(* Let $b\ge 2$ be an integer and let $w=d_1\dots d_p$ be a fixed block of $b$-ary digits of length $p\ge 1$. For each integer $k\ge 0$ let $$S_w(k)=\sum_{m}\frac1m,$$ where the sum runs over all positive integers $m$ whose minimal base-$b$ representation (the string of $b$-ary digits without leading zeros) contains exactly $k$ occurrences of $w$, counting possibly overlapping occurrences. Then for every integer $k\ge 1$, $$\Bigl|S_w(k)-b^{p}\log(b)\Bigr|\le (b-1)\,b^{\,p-\max(k,2)+1}.$$
   Context: An occurrence of $w$ in a string $X=x_1\dots x_l$ is an index $i$ with $1\le i\le l-p+1$ and $x_i x_{i+1}\dots x_{i+p-1}=w$. Different occurrences may overlap. *)

From Stdlib Require Import Reals Lra Lia Arith List ZArith.
From Coquelicot Require Import Coquelicot.
Import ListNotations.
Open Scope R_scope.

(* Base-b digits of m, most significant first, without leading zeros
   (digits of 0 is the empty list).  The fuel m suffices when b >= 2. *)
Fixpoint digits_aux (b fuel m : nat) : list nat :=
  match fuel with
  | O => []
  | S f => if Nat.eqb m 0 then []
           else digits_aux b f (Nat.div m b) ++ [Nat.modulo m b]
  end.

Definition digits (b m : nat) : list nat := digits_aux b m m.

Definition occ (X w : list nat) : nat :=
  length (filter (fun i => if list_eq_dec Nat.eq_dec (firstn (length w) (skipn i X)) w
                           then true else false)
                 (seq 0 (length X + 1 - length w))).

(* n-th term (n >= 0) of the series S_w(k): corresponds to m = n+1. *)
Definition S_term (b : nat) (w : list nat) (k : nat) (n : nat) : R :=
  if Nat.eqb (occ (digits b (S n)) w) k then / INR (S n) else 0.

(* Write p = |w| and let W be the value of w in base b.  Numbers are handled
   arithmetically: q * b^j + r is the numeral of q followed by the j-digit block r.
   A number m with exactly k occurrences of w splits uniquely as m = q * b^j + r,
   where q ends with the k-th occurrence and the tail r creates no further one.
   The number a_j of admissible tails of length j does not depend on q, and
   counting j-digit blocks by the position of their last occurrence of w gives
   sum_j a_j b^-j = b^p (the missing mass is the density of blocks avoiding w,
   which tends to 0).  Since 1/(q b^j + r) lies between 1/((q+1) b^j) and
   1/(q b^j), the series S_w(k) is about b^p * sum_q 1/q, the sum over the set
   B_k of numbers ending with their k-th occurrence.  Cutting every number with
   at least k occurrences at its k-th one shows sum_{q in B_k} ln(1 + 1/q) = ln b,
   and 1/q - ln(1 + 1/q) <= 1/q - 1/(q+1) telescopes to 1/min B_k <= b^(2-p-k);
   for p = k = 1 the one-digit element W of B_1 is estimated on its own. *)

From Stdlib Require Import Reals List ZArith Arith Lia Bool Lra.
From Coquelicot Require Import Coquelicot.
Import ListNotations.
Open Scope R_scope.

Fixpoint sumR (f : nat -> R) (n : nat) : R :=
  match n with O => 0 | S n' => sumR f n' + f n' end.

Definition ind (x : bool) : R := if x then 1 else 0.

Section FiniteSums.

Implicit Types (f g : nat -> R) (n m : nat).

Lemma sumR_succ_l f n : sumR f (S n) = f O + sumR (fun i => f (S i)) n.
Proof. induction n as [|n IH]; simpl in *; [|rewrite IH]; lra. Qed.

Lemma sumR_ext f g n : (forall i, (i < n)%nat -> f i = g i) -> sumR f n = sumR g n.
Proof.
  induction n as [|n IH]; intros H; simpl; [lra|].
  rewrite IH, H; [lra | lia | intros; apply H; lia].
Qed.

Lemma sumR_plus f g n : sumR (fun i => f i + g i) n = sumR f n + sumR g n.
Proof. induction n as [|n IH]; simpl; [|rewrite IH]; lra. Qed.

Lemma sumR_scal c f n : sumR (fun i => c * f i) n = c * sumR f n.
Proof. induction n as [|n IH]; simpl; [|rewrite IH]; lra. Qed.

Lemma sumR_mult_r f n c : sumR f n * c = sumR (fun i => f i * c) n.
Proof. rewrite Rmult_comm, <- sumR_scal. apply sumR_ext. intros; lra. Qed.

Lemma sumR_const c n : sumR (fun _ => c) n = INR n * c.
Proof. induction n as [|n IH]; simpl sumR; [simpl; lra|]. rewrite IH, S_INR. lra. Qed.

Lemma sumR_le f g n : (forall i, (i < n)%nat -> f i <= g i) -> sumR f n <= sumR g n.
Proof.
  induction n as [|n IH]; intros H; simpl; [lra|].
  assert (f n <= g n) by (apply H; lia).
  assert (sumR f n <= sumR g n) by (apply IH; intros; apply H; lia). lra.
Qed.

Lemma sumR_nonneg f n : (forall i, (i < n)%nat -> 0 <= f i) -> 0 <= sumR f n.
Proof.
  intros H. rewrite <- (Rmult_0_r (INR n)), <- sumR_const. now apply sumR_le.
Qed.

Lemma sumR_swap (f : nat -> nat -> R) n m :
  sumR (fun i => sumR (fun j => f i j) m) n = sumR (fun j => sumR (fun i => f i j) n) m.
Proof.
  induction n as [|n IH]; simpl.
  - rewrite sumR_const. lra.
  - rewrite IH, <- sumR_plus. reflexivity.
Qed.

Lemma sumR_add_range f n m : sumR f (n + m) = sumR f n + sumR (fun i => f (n + i)%nat) m.
Proof.
  induction m as [|m IH]; simpl; [rewrite Nat.add_0_r; lra|].
  rewrite Nat.add_succ_r. simpl. rewrite IH. lra.
Qed.

Lemma sumR_blocks g B c : sumR g (B * c) = sumR (fun q => sumR (fun r => g (q * c + r)%nat) c) B.
Proof.
  induction B as [|B IH]; simpl; [reflexivity|]. rewrite <- IH.
  replace (c + B * c)%nat with (B * c + c)%nat by lia. apply sumR_add_range.
Qed.

Lemma sumR_le_length f n m : (forall i, 0 <= f i) -> (n <= m)%nat -> sumR f n <= sumR f m.
Proof.
  intros H Hnm. replace m with (n + (m - n))%nat by lia. rewrite sumR_add_range.
  assert (0 <= sumR (fun i => f (n + i)%nat) (m - n)) by (apply sumR_nonneg; auto). lra.
Qed.

Lemma sumR_rev f n : sumR (fun j => f (n - j)%nat) n = sumR (fun t => f (S t)) n.
Proof.
  induction n as [|n IH]; [reflexivity|].
  rewrite sumR_succ_l, Nat.sub_0_r, (sumR_ext _ (fun j => f (n - j)%nat)) by (intros; f_equal).
  rewrite IH. simpl sumR. lra.
Qed.

Lemma sumR_ind_eq n W : (W < n)%nat -> sumR (fun v => ind (v =? W)) n = 1.
Proof.
  induction n as [|n IH]; intros H; [lia|]. simpl sumR.
  destruct (Nat.eq_dec W n) as [->|HWn].
  - rewrite Nat.eqb_refl, (sumR_ext _ (fun _ => 0)), sumR_const; [simpl; lra|].
    intros i Hi. destruct (Nat.eqb_spec i n); [lia | reflexivity].
  - rewrite IH by lia. destruct (Nat.eqb_spec n W); [lia|]. simpl. lra.
Qed.

Lemma sumR_ind_eq_le1 n W : sumR (fun v => ind (v =? W)) n <= 1.
Proof.
  destruct (Nat.ltb_spec W n); [rewrite sumR_ind_eq; auto; lra|].
  rewrite (sumR_ext _ (fun _ => 0)), sumR_const; [lra|].
  intros i Hi. destruct (Nat.eqb_spec i W); [lia | reflexivity].
Qed.

Lemma sumR_ind_mod_eq B c W : (W < c)%nat ->
  sumR (fun x => ind (x mod c =? W)) (B * c) = INR B.
Proof.
  intros HW. rewrite sumR_blocks, (sumR_ext _ (fun _ => 1)), sumR_const; [lra|].
  intros q _. rewrite <- (sumR_ind_eq c W HW). apply sumR_ext. intros r Hr.
  rewrite Nat.add_comm, Nat.Div0.mod_add, Nat.mod_small by lia. reflexivity.
Qed.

→ Work item
Reproduce exactly the section above that begins at the line containing "B_k of numbers" and ends at the line containing "for p = k = 1", leaving out all other lines.

→ Your response
   B_k of numbers ending with their k-th occurrence.  Cutting every number with
   at least k occurrences at its k-th one shows sum_{q in B_k} ln(1 + 1/q) = ln b,
   and 1/q - ln(1 + 1/q) <= 1/q - 1/(q+1) telescopes to 1/min B_k <= b^(2-p-k);
   for p = k = 1 the one-digit element W of B_1 is estimated on its own. *)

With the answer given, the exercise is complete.